→ What is needed
Beginning at the line containing "Hypothesis Bnondeg : nondeg_form B." in the material below and ending at the line containing "- by rewrite /al mulNr divfK //; ring.", return each line exactly and add nothing.

→ Provided data
Lemma meet_isotropic_pres_group : group_set meet_isotropic_pres.
Proof.
apply/group_setP; split.
  rewrite inE; apply/forall_inP=> a aX; rewrite perm1 aX /=.
  by apply/forall_inP=> b _; rewrite !perm1 implybb.
move=> h1 h2; rewrite !inE => /forall_inP h1P /forall_inP h2P.
apply/forall_inP=> a aX; rewrite !permM.
have /andP[h1aX /forall_inP h1aP] := h1P a aX.
have /andP[-> /forall_inP h2aP] := h2P _ h1aX.
apply/forall_inP=> b bX; apply/implyP=> ab; rewrite permM.
have /andP[h1bX _] := h1P b bX.
exact: implyP (h2aP _ h1bX) (implyP (h1aP _ bX) ab).
Qed.

Canonical meet_isotropic_pres_groupType := Group meet_isotropic_pres_group.

Lemma PGam_sub_meet_isotropic_pres : PGam k B Q \subset meet_isotropic_pres.
Proof.
rewrite gen_subG; apply/subsetP=> h /imsetP[g]; rewrite inE => g_semisim ->.
rewrite inE /indperm; set p := actperm _ g.
have [pN|pN] := boolP (p \in 'N(X | 'P))%g; last first.
  rewrite triv_restr_perm //; apply/forall_inP=> a aX; rewrite perm1 aX /=.
  by apply/forall_inP=> b _; rewrite !perm1 implybb.
have pE a : a \in X -> restr_perm X p a = g @: a.
  by move=> aX; rewrite restr_permE // actpermE.
apply/forall_inP=> a aX; rewrite pE //.
have -> : g @: a \in X by rewrite -pE // restr_permE // -apermE (astabs_act a pN).
by apply/forall_inP=> b bX; rewrite pE //; apply/implyP/semisim_meet_isotropic.
Qed.

Lemma orbital_edge_meet_isotropic (G : {set {perm {set V}}}) x y a b :
  G \subset meet_isotropic_pres -> x \in X -> y \in X -> meet_isotropic x y ->
  orbital_edge G X x y a b -> meet_isotropic a b.
Proof.
move=> sGP xX yX xy /and3P[_ _ /exists_inP[h hG /eqP ab_xy]].
have /[!inE] /forall_inP hP := subsetP sGP h hG.
have /andP[_ /forall_inP /(_ y yX) /implyP /(_ xy) hxy] := hP x xX.
by case: (eq_set2 ab_xy) => -[-> ->] //; rewrite meet_isotropicC.
Qed.

Lemma orbital_diam_ge3 (G : {set {perm {set V}}}) x y u w :
  G \subset meet_isotropic_pres -> x \in X -> y \in X -> x != y -> meet_isotropic x y ->
  u \in X -> w \in X -> u != w -> ~~ meet_isotropic u w ->
  (forall v, v \in X -> meet_isotropic u v -> meet_isotropic v w -> False) ->
  orbital_diam_ge G X 3.
Proof.
move=> sGP xX yX xy xy_mi uX wX uw uw_mi no_mid.
exists x, y; split=> //; exists u, w; split=> // -[|v1 [|v2 [|v3 p]]] //=.
- by move=> _ wu; rewrite wu eqxx in uw.
- by rewrite andbT => /(orbital_edge_meet_isotropic sGP xX yX xy_mi) uv wv; rewrite -wv uv in uw_mi.
case/and3P=> uv1 v1v2 _ wv2; have /and3P[_ v1X _] := uv1.
case: (no_mid v1 v1X); first exact: orbital_edge_meet_isotropic uv1.
by rewrite -wv2; apply: orbital_edge_meet_isotropic v1v2.
Qed.
End OrbitalGraphs.

Section HyperbolicFrames.
Variables (F : finFieldType) (n : nat) (k : form_kind).
Variables (B : 'rV[F]_n -> 'rV[F]_n -> F) (Q : 'rV[F]_n -> F).
Local Notation V := 'rV[F]_n.
Local Notation X := (Xpts k B Q).
Local Notation isotropic := (isotropic k B Q).
Hypothesis Blin : bilinear_l B.
Hypothesis Brefl : forall u v, B u v = 0 -> B v u = 0.
Hypothesis Bnondeg : nondeg_form B.
Hypothesis isotropic_self : forall z, isotropic z -> B z z = 0.

(* Project a partner of e2 onto the orthogonal complement of the plane <e1, f1>. *)
Lemma exists_perp_partner e1 f1 e2 : isotropic e1 -> B f1 e1 != 0 -> e2 != 0 ->
  B e2 e1 = 0 -> B e2 f1 = 0 ->
  exists f2, [/\ B f2 e1 = 0, B f2 f1 = 0 & B f2 e2 != 0].
Proof.
move=> ie1 f1e1 e20 e2e1 e2f1; have [v ve2] := nondeg_partner Brefl Bnondeg e20.
have e1f1 := form_neq0_sym Brefl f1e1.
set be := B v e1 / B f1 e1; set al := (B v f1 - be * B f1 f1) / B e1 f1.
exists (v + (- al) *: e1 + (- be) *: f1); rewrite !formDl // !formZl // (isotropic_self ie1).
split.
- by rewrite /be mulr0 addr0 mulNr divfK // subrr.
- by rewrite /al mulNr divfK //; ring.
- by rewrite (Brefl e2e1) (Brefl e2f1) !mulr0 !addr0.
Qed.

Lemma orbital_diam_ge3_of_isotropic (G : {set {perm {set V}}}) e1 f1 e2 :
  G \subset meet_isotropic_pres k B Q ->
  e1 != 0 -> isotropic e1 -> B f1 e1 != 0 -> e2 != 0 -> isotropic e2 ->
  B e2 e1 = 0 -> B e2 f1 = 0 -> orbital_diam_ge G X 3.
Proof.
move=> sGP e10 ie1 f1e1 e20 ie2 e2e1 e2f1.
have [f2 [f2e1 f2f1 f2e2]] := exists_perp_partner ie1 f1e1 e20 e2e1 e2f1.
set u := span2 e1 f1; set w := span2 e2 f2; set y := span2 e1 (f1 + e2).
have uX : u \in X by apply: hyperbolic_Xpts.
have wX : w \in X by apply: hyperbolic_Xpts.
have f1e2e1 : B (f1 + e2) e1 != 0 by rewrite formDl // e2e1 addr0.
have yX : y \in X by apply: hyperbolic_Xpts.
have /[!inE] /and3P[u2 u_nondeg _] := uX.
have uw : perp B u w.
  move=> _ _ /span2P[x [x' ->]] /span2P[z [z' ->]].
  have perp_w s : B e2 s = 0 -> B f2 s = 0 -> B s (z *: e2 + z' *: f2) = 0.
    by move=> e2s f2s; apply: Brefl; rewrite formDl // !formZl // e2s f2s !mulr0 addr0.
  by rewrite formDl // !formZl // !perp_w // !mulr0 addr0.
have e1y : e1 \in y by apply: mem_span2l.
apply: (orbital_diam_ge3 sGP uX yX _ _ uX wX) => //.
- apply: contraNneq e20 => uy; apply/eqP.
  apply: (perp_nondeg_meet0 Brefl u_nondeg uw _ (mem_span2l _ _)).
  have := subspace_lincomb 1 (-1) (span2_subspace e1 (f1 + e2)) (mem_span2r e1 (f1 + e2)).
  by rewrite -/y -uy => /(_ _ (mem_span2r e1 f1)); rewrite scale1r scaleN1r addrC addKr.
- by apply/existsP; exists e1; rewrite mem_span2l e1y e10.
- apply: contraNneq e10 => uw_eq.
  apply/eqP; apply: (perp_nondeg_meet0 Brefl u_nondeg uw (mem_span2l _ _)).
  by rewrite -uw_eq mem_span2l.
- exact: perp_not_meet_isotropic.
- by move=> v vX; apply: (perp_no_common_neighbour Blin Brefl isotropic_self u2 u_nondeg uw vX).
Qed.

Lemma orbital_diam_ge3_of_isotropic_orth (G : {set {perm {set V}}}) :
  G \subset meet_isotropic_pres k B Q ->
  (forall L : seq V, (size L <= 2)%N ->
     exists z, [/\ z != 0, isotropic z & {in L, forall l, B z l = 0}]) ->
  orbital_diam_ge G X 3.
Proof.
move=> sGP isotropic_orth; have [e1 [e10 ie1 _]] := isotropic_orth [::] isT.
have [f1 f1e1] := nondeg_partner Brefl Bnondeg e10.
have [e2 [e20 ie2 e2L]] := isotropic_orth [:: e1; f1] isT.
apply: (orbital_diam_ge3_of_isotropic sGP e10 ie1 f1e1 e20 ie2); apply: e2L.
  by rewrite mem_head.
by rewrite !inE eqxx orbT.
Qed.

Lemma two_space_basis (W : {set V}) : is_2space W ->
  exists a b, [/\ a \in W, b \in W, a != 0 & forall c, b != c *: a].
Proof.
case/andP=> _ /eqP cardW; have F1 := finNzRing_gt1 F.
have W_notin (S : {set V}) : (#|S| <= #|F|)%N -> exists2 b, b \in W & b \notin S.
  move=> cardS; apply/subsetPn/negP => /subset_leq_card /leq_trans /(_ cardS).
  by rewrite cardW -mulnn => /(leq_trans (ltn_Pmulr F1 (ltnW F1))); rewrite ltnn.
have [a aW] := W_notin [set 0] (ltnW (leq_ltn_trans (eq_leq (cards1 0)) F1)).
rewrite in_set1 => a0; have [b bW b_line] := W_notin _ (leq_imset_card (fun c => c *: a) F).
by exists a, b; split=> // c; apply: contraNneq b_line => ->; apply: imset_f.
Qed.

Lemma orbital_diam_ge3_of_totally_isotropic (G : {set {perm {set V}}}) (W : {set V}) :
  G \subset meet_isotropic_pres k B Q -> is_2space W -> {in W, forall v, isotropic v} ->
  {in W &, forall u v, B u v = 0} -> orbital_diam_ge G X 3.
Proof.
move=> sGP W2 W_iso W_perp; have [e1 [e [e1W eW e10 e_line]]] := two_space_basis W2.
have [f1 f1e1] := nondeg_partner Brefl Bnondeg e10.
have e1f1 := form_neq0_sym Brefl f1e1.
set e2 := B e f1 *: e1 + (- B e1 f1) *: e.
have e2W : e2 \in W by apply: subspace_lincomb => //; case/andP: W2.
apply: (orbital_diam_ge3_of_isotropic sGP e10 (W_iso _ e1W) f1e1 _ (W_iso _ e2W)).
- apply: contra (e_line (B e f1 / B e1 f1)) => e20.
  apply/eqP/(scalerI e1f1); rewrite scalerA mulrC divfK //.
  by move: e20; rewrite /e2 scaleNr addr_eq0 opprK => /eqP ->.
- exact: W_perp.
- by rewrite /e2 formDl // !formZl //; ring.
Qed.
End HyperbolicFrames.
(* Let $k$ be a field, $\mathsf{E}$ a locally finite $k$-linear category, and $N$ a locally finite right $\mathsf{E}$-module. Then $N$ is isomorphic to $\Upsilon_{\mathsf{E}^{op}}(\mathcal{N})$ for some (locally finite) right $\mathcal{C}_\mathsf{E}$-comodule $\mathcal{N}$ if and only if, for every object $y\in\mathsf{E}$, the set of all objects $x\in\mathsf{E}$ for which the action map $\operatorname{Hom}_\mathsf{E}(x,y)\otimes_kN(y)\to N(x)$ is nonzero is finite.
   Context: A small $k$-linear category $\mathsf{E}$ has $k$-vector spaces $\operatorname{Hom}_\mathsf{E}(x,y)$, $k$-bilinear associative composition and identities with $\mathrm{id}_x\ne0$. A right $\mathsf{E}$-module is a $k$-linear functor $N:\mathsf{E}^{op}\to k\text{-Vect}$ (spaces $N(x)$ and action maps $\operatorname{Hom}_\mathsf{E}(x,y)\otimes_kN(y)\to N(x)$); it is locally finite if all $N(x)$ are finite-dimensional. Write $x\preceq y$ if there are $n\ge1$ and objects $x=z_0,\dots,z_n=y$ with $\operatorname{Hom}_\mathsf{E}(z_{i-1},z_i)\neq0$ for all $i$. $\mathsf{E}$ is locally finite if all $\operatorname{Hom}_\mathsf{E}(x,y)$ are finite-dimensional and every $\{z:x\preceq z\preceq y\}$ is finite. $\mathcal{C}_\mathsf{E}=\bigoplus_{x,y}\mathcal{C}^{x,y}$, $\mathcal{C}^{x,y}=\operatorname{Hom}_\mathsf{E}(x,y)^*$; counit zero on $\mathcal{C}^{x,y}$ for $x\ne y$, evaluation at $\mathrm{id}_x$ on $\mathcal{C}^{x,x}$; comultiplication $\mathcal{C}^{x,y}\to\bigoplus_z\mathcal{C}^{x,z}\otimes\mathcal{C}^{z,y}$ dual to composition $g\otimes h\mapsto hg$. For a right $\mathcal{C}_\mathsf{E}$-comodule $(\mathcal{N},\nu:\mathcal{N}\to\mathcal{N}\otimes\mathcal{C}_\mathsf{E})$ and $\varphi\in\mathcal{C}_\mathsf{E}^*$ set $\varphi\cdot n=(\mathrm{id}\otimes\varphi)\nu(n)$. With $e_x$ evaluation at $\mathrm{id}_x$ on $\mathcal{C}^{x,x}$ (zero elsewhere) and, for $f\in\operatorname{Hom}_\mathsf{E}(x,y)$, $\mathrm{ev}_f$ evaluation at $f$ on $\mathcal{C}^{x,y}$ (zero elsewhere), the functor $\Upsilon_{\mathsf{E}^{op}}$ sends $\mathcal{N}$ to the right $\mathsf{E}$-module with $\Upsilon_{\mathsf{E}^{op}}(\mathcal{N})(x)=e_x\cdot\mathcal{N}$ (with $\mathcal{N}=\bigoplus_xe_x\cdot\mathcal{N}$) and $f\in\operatorname{Hom}_\mathsf{E}(x,y)$ acting $e_y\cdot\mathcal{N}\to e_x\cdot\mathcal{N}$ by $n\mapsto\mathrm{ev}_f\cdot n$. $\mathcal{N}$ is locally finite if $\Upsilon_{\mathsf{E}^{op}}(\mathcal{N})$ is. *)

From mathcomp Require Import all_boot all_algebra.
From Stdlib Require List.
Set Implicit Arguments.
Unset Strict Implicit.
Unset Printing Implicit Defensive.
Import GRing.Theory.
Local Open Scope ring_scope.

Definition findim (k : fieldType) (V : lmodType k) : Prop :=
  exists (n : nat) (b : 'I_n -> V),
    forall v : V, exists c : 'I_n -> k, v = \sum_(i < n) c i *: b i.

Record kcat (k : fieldType) := KCat {
  obj : Type;
  hom : obj -> obj -> lmodType k;
  comp : forall x y z, hom y z -> hom x y -> hom x z;
  idm : forall x, hom x x;
  comp_linl : forall x y z (a : k) (h1 h2 : hom y z) (g : hom x y),
      comp (a *: h1 + h2) g = a *: comp h1 g + comp h2 g;
  comp_linr : forall x y z (a : k) (h : hom y z) (g1 g2 : hom x y),
      comp h (a *: g1 + g2) = a *: comp h g1 + comp h g2;
  compA : forall w x y z (h : hom y z) (g : hom x y) (f : hom w x),
      comp h (comp g f) = comp (comp h g) f;
  comp_idl : forall x y (f : hom x y), comp (idm y) f = f;
  comp_idr : forall x y (f : hom x y), comp f (idm x) = f;
  idm_neq0 : forall x, idm x != 0
}.


Arguments hom {k} k0 _ _ : rename.
Arguments idm {k} k0 x : rename.
Arguments comp {k k0 x y z} _ _ : rename.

→ Answer space
Hypothesis Bnondeg : nondeg_form B.
Hypothesis isotropic_self : forall z, isotropic z -> B z z = 0.

(* Project a partner of e2 onto the orthogonal complement of the plane <e1, f1>. *)
Lemma exists_perp_partner e1 f1 e2 : isotropic e1 -> B f1 e1 != 0 -> e2 != 0 ->
  B e2 e1 = 0 -> B e2 f1 = 0 ->
  exists f2, [/\ B f2 e1 = 0, B f2 f1 = 0 & B f2 e2 != 0].
Proof.
move=> ie1 f1e1 e20 e2e1 e2f1; have [v ve2] := nondeg_partner Brefl Bnondeg e20.
have e1f1 := form_neq0_sym Brefl f1e1.
set be := B v e1 / B f1 e1; set al := (B v f1 - be * B f1 f1) / B e1 f1.
exists (v + (- al) *: e1 + (- be) *: f1); rewrite !formDl // !formZl // (isotropic_self ie1).
split.
- by rewrite /be mulr0 addr0 mulNr divfK // subrr.
- by rewrite /al mulNr divfK //; ring.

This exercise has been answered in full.